ABOUT THIS TASK
Each line of the records that includes "subst" should be found and copied.

GIVEN RECORDS

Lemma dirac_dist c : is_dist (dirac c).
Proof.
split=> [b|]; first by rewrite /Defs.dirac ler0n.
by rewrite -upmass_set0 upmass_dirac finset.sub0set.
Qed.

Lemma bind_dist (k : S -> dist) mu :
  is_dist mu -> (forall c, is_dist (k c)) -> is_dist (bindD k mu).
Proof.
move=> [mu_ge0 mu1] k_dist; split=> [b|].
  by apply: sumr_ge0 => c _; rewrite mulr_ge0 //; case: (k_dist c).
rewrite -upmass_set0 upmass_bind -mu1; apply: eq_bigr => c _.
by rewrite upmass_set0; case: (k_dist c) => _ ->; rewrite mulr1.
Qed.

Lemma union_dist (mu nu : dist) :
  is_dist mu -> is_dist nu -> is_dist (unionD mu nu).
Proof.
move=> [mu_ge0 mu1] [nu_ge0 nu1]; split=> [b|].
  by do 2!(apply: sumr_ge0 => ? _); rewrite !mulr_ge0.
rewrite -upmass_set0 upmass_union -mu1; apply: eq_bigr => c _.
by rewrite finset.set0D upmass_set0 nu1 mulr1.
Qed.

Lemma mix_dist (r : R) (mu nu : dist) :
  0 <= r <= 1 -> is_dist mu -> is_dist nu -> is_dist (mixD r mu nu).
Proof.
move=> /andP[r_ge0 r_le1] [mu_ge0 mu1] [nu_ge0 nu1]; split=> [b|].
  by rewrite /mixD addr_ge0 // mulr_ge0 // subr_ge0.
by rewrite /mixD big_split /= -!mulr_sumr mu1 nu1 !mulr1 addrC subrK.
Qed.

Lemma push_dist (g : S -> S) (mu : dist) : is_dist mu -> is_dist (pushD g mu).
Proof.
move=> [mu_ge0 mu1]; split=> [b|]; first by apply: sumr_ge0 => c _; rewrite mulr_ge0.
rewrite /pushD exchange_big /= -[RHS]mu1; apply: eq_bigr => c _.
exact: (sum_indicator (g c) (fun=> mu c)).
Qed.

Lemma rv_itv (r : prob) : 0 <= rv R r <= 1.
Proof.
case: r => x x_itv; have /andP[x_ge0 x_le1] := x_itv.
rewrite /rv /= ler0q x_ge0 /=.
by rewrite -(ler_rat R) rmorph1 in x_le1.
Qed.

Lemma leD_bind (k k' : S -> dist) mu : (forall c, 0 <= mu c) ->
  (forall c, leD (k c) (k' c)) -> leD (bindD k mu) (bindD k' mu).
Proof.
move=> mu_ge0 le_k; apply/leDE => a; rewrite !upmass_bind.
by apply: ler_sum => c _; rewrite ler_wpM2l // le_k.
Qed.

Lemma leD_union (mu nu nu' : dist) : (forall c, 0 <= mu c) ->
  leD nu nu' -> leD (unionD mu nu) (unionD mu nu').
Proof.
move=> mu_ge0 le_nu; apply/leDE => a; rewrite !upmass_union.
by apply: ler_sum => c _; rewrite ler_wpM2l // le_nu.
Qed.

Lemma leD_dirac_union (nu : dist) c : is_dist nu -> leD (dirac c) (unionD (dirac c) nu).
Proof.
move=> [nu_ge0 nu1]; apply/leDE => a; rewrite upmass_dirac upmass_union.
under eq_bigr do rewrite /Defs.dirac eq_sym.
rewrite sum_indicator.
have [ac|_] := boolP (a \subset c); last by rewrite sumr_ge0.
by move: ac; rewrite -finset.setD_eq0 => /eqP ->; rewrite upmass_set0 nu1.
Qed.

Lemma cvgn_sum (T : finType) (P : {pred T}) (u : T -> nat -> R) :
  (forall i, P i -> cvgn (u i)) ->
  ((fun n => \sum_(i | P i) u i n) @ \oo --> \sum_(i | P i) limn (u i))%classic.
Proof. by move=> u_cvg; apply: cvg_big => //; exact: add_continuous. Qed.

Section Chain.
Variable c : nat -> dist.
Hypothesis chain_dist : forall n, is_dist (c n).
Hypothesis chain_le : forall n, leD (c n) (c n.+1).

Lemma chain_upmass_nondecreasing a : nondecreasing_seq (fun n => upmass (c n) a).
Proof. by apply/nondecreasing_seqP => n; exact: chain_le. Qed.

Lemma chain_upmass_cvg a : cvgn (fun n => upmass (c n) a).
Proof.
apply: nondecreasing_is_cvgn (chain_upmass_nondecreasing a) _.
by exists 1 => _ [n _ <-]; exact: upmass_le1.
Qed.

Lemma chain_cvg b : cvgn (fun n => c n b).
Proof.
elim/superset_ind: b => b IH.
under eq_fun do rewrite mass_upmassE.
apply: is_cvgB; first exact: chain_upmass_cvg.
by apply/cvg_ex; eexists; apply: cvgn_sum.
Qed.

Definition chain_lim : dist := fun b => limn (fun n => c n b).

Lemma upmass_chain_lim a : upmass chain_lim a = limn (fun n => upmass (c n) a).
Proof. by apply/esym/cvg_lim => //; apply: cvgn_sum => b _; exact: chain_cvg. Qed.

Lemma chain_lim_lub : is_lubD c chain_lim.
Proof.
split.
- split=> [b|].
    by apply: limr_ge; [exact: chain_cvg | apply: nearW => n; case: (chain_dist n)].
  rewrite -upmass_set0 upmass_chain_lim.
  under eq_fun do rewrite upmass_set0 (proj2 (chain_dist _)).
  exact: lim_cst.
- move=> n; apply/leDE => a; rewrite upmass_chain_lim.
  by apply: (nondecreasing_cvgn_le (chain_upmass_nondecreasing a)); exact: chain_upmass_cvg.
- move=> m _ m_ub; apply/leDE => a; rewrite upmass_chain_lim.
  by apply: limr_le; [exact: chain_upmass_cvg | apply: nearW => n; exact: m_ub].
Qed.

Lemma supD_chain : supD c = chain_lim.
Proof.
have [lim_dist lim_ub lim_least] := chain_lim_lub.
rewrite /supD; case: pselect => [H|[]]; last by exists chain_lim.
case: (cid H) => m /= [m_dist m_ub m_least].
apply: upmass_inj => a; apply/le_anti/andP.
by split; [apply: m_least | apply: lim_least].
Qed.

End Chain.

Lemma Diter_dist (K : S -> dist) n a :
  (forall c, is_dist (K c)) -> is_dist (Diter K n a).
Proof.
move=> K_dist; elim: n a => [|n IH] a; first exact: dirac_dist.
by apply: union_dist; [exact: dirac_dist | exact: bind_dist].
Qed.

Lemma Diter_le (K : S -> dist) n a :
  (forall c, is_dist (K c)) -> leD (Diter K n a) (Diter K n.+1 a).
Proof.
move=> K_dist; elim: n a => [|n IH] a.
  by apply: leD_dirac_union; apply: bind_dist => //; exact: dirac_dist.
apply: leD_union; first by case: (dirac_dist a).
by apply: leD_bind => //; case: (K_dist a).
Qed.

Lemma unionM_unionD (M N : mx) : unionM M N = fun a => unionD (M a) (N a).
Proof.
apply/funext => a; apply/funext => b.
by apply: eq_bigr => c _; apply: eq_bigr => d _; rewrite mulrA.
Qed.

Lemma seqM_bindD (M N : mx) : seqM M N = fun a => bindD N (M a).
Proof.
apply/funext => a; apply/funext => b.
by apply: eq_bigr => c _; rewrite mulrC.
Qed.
...
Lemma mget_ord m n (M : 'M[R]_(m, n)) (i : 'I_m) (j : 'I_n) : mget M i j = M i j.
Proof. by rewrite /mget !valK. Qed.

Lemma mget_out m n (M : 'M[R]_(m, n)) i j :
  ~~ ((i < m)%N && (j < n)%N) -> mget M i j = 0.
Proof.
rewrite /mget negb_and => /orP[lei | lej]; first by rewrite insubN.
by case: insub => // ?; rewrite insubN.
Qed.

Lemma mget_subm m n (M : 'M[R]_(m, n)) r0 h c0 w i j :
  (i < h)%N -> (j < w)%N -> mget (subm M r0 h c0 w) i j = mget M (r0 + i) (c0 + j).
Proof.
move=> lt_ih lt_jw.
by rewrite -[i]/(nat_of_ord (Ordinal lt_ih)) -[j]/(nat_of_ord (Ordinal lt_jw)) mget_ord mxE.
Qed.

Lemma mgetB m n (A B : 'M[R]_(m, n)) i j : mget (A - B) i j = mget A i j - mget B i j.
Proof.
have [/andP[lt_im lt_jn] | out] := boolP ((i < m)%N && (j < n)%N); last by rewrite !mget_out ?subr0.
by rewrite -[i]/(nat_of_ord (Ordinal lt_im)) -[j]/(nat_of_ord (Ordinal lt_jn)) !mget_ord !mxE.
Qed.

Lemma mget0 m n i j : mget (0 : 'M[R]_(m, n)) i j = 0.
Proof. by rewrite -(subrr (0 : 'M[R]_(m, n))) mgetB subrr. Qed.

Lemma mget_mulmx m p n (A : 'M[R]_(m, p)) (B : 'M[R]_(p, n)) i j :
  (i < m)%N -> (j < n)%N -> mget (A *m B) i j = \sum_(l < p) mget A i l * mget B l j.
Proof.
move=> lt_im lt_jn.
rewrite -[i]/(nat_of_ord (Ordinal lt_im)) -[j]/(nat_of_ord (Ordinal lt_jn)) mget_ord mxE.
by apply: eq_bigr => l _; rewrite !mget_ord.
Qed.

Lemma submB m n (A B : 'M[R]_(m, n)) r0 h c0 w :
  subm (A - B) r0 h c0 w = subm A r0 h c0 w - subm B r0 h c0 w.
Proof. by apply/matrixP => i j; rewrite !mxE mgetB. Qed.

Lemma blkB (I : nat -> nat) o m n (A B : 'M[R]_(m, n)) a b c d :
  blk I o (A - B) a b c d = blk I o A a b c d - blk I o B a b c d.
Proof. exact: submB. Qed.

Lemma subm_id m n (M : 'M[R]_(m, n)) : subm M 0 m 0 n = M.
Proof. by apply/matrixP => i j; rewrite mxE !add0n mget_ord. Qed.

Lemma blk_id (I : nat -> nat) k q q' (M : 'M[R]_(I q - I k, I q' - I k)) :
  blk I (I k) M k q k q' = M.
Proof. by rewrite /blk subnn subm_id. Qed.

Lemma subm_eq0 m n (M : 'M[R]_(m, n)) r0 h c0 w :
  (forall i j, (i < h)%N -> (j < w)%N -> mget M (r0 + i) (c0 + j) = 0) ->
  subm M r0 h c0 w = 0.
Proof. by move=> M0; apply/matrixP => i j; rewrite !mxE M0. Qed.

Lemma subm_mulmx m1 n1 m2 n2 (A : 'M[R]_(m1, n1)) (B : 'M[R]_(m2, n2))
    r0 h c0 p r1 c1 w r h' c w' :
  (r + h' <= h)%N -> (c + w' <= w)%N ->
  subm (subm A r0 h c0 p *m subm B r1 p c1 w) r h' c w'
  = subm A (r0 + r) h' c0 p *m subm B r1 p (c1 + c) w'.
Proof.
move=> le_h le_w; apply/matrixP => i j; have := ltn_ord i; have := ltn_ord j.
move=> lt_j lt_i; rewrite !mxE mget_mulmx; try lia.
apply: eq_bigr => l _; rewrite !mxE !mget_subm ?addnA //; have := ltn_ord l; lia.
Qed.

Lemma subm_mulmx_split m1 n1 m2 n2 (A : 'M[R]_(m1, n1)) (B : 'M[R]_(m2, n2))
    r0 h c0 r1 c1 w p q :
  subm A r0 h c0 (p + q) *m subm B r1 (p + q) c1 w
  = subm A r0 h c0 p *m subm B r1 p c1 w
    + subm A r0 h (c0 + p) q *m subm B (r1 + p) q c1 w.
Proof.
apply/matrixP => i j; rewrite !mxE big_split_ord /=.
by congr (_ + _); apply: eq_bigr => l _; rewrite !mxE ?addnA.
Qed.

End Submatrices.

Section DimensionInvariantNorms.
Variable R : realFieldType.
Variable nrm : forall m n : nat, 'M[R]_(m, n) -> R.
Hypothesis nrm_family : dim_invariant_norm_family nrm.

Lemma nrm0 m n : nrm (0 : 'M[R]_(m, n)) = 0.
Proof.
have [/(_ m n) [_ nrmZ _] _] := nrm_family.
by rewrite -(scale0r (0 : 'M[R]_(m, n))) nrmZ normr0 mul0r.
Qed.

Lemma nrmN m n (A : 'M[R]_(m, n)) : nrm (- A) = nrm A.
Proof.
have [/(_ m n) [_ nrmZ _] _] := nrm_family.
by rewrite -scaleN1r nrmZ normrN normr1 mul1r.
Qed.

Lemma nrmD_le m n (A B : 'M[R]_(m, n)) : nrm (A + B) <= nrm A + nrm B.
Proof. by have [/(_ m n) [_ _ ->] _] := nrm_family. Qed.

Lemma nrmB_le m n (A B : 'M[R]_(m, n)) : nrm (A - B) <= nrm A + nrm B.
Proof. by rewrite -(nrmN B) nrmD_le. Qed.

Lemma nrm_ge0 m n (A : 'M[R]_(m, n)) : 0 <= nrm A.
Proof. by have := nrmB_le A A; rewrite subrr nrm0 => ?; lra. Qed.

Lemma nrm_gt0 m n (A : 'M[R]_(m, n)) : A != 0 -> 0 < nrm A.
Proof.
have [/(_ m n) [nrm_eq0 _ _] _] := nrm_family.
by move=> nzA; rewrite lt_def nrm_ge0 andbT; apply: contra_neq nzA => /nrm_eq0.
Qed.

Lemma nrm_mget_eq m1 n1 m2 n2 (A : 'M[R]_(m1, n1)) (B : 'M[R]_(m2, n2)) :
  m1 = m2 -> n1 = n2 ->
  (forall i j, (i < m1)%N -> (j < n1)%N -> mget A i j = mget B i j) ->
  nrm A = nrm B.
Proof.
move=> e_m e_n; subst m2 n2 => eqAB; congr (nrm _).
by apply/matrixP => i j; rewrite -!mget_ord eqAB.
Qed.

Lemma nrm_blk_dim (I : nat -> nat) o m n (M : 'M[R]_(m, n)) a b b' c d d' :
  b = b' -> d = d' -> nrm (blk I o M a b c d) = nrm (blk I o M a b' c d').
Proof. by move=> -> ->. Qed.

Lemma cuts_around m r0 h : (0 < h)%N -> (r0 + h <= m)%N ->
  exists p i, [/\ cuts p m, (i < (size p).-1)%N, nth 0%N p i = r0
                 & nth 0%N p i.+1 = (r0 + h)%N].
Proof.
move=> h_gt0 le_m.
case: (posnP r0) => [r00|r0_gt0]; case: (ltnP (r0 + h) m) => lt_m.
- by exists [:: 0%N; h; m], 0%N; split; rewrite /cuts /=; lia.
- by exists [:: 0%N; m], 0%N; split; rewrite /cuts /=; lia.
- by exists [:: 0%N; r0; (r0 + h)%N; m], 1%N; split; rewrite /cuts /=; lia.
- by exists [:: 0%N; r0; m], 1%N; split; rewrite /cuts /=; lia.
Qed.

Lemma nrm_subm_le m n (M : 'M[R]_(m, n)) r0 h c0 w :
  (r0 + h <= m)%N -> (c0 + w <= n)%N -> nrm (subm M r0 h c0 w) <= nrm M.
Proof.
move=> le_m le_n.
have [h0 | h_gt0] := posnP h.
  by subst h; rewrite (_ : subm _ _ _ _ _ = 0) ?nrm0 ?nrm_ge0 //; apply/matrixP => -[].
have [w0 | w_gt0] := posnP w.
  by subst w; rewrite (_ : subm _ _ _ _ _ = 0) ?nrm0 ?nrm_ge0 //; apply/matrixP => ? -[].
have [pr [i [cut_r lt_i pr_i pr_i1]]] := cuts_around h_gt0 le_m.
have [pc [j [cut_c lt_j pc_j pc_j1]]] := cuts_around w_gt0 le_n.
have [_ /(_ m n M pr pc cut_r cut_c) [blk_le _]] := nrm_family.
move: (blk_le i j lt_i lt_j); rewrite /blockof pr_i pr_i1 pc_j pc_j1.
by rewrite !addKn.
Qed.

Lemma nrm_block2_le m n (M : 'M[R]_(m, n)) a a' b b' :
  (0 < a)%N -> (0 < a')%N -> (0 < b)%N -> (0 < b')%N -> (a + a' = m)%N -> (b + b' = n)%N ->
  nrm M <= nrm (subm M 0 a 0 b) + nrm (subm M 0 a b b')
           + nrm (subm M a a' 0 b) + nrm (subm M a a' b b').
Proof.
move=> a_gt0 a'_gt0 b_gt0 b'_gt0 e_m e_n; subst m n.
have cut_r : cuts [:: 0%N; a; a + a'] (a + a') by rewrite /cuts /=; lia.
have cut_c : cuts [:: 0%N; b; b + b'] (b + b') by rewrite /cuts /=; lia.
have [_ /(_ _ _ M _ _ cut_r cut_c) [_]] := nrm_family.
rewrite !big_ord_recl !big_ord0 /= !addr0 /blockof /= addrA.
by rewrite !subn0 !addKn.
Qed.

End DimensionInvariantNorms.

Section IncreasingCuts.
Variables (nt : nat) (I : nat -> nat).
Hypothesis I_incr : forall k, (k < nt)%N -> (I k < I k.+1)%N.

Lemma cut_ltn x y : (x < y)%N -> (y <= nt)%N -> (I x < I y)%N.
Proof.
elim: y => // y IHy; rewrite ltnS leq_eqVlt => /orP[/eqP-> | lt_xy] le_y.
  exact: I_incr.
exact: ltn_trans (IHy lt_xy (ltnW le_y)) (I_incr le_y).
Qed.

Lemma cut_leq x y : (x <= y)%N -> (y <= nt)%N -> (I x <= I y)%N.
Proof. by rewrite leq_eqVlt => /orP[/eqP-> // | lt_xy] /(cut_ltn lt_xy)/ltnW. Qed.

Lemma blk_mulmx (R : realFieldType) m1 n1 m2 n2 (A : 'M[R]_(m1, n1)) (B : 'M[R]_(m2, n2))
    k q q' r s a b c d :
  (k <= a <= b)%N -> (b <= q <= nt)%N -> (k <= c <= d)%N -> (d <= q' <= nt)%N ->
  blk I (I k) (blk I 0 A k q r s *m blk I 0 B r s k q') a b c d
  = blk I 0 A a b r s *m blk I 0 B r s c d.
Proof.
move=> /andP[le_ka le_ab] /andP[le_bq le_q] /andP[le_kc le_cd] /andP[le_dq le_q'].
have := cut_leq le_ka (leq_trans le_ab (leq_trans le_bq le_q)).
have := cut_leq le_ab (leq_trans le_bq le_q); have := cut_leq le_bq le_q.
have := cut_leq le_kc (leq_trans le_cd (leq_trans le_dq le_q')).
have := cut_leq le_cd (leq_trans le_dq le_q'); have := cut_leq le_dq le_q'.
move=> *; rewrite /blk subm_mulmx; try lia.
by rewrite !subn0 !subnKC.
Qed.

WRITTEN SOLUTION
move=> e_m e_n; subst m2 n2 => eqAB; congr (nrm _).
  by subst h; rewrite (_ : subm _ _ _ _ _ = 0) ?nrm0 ?nrm_ge0 //; apply/matrixP => -[].
  by subst w; rewrite (_ : subm _ _ _ _ _ = 0) ?nrm0 ?nrm_ge0 //; apply/matrixP => ? -[].
move=> a_gt0 a'_gt0 b_gt0 b'_gt0 e_m e_n; subst m n.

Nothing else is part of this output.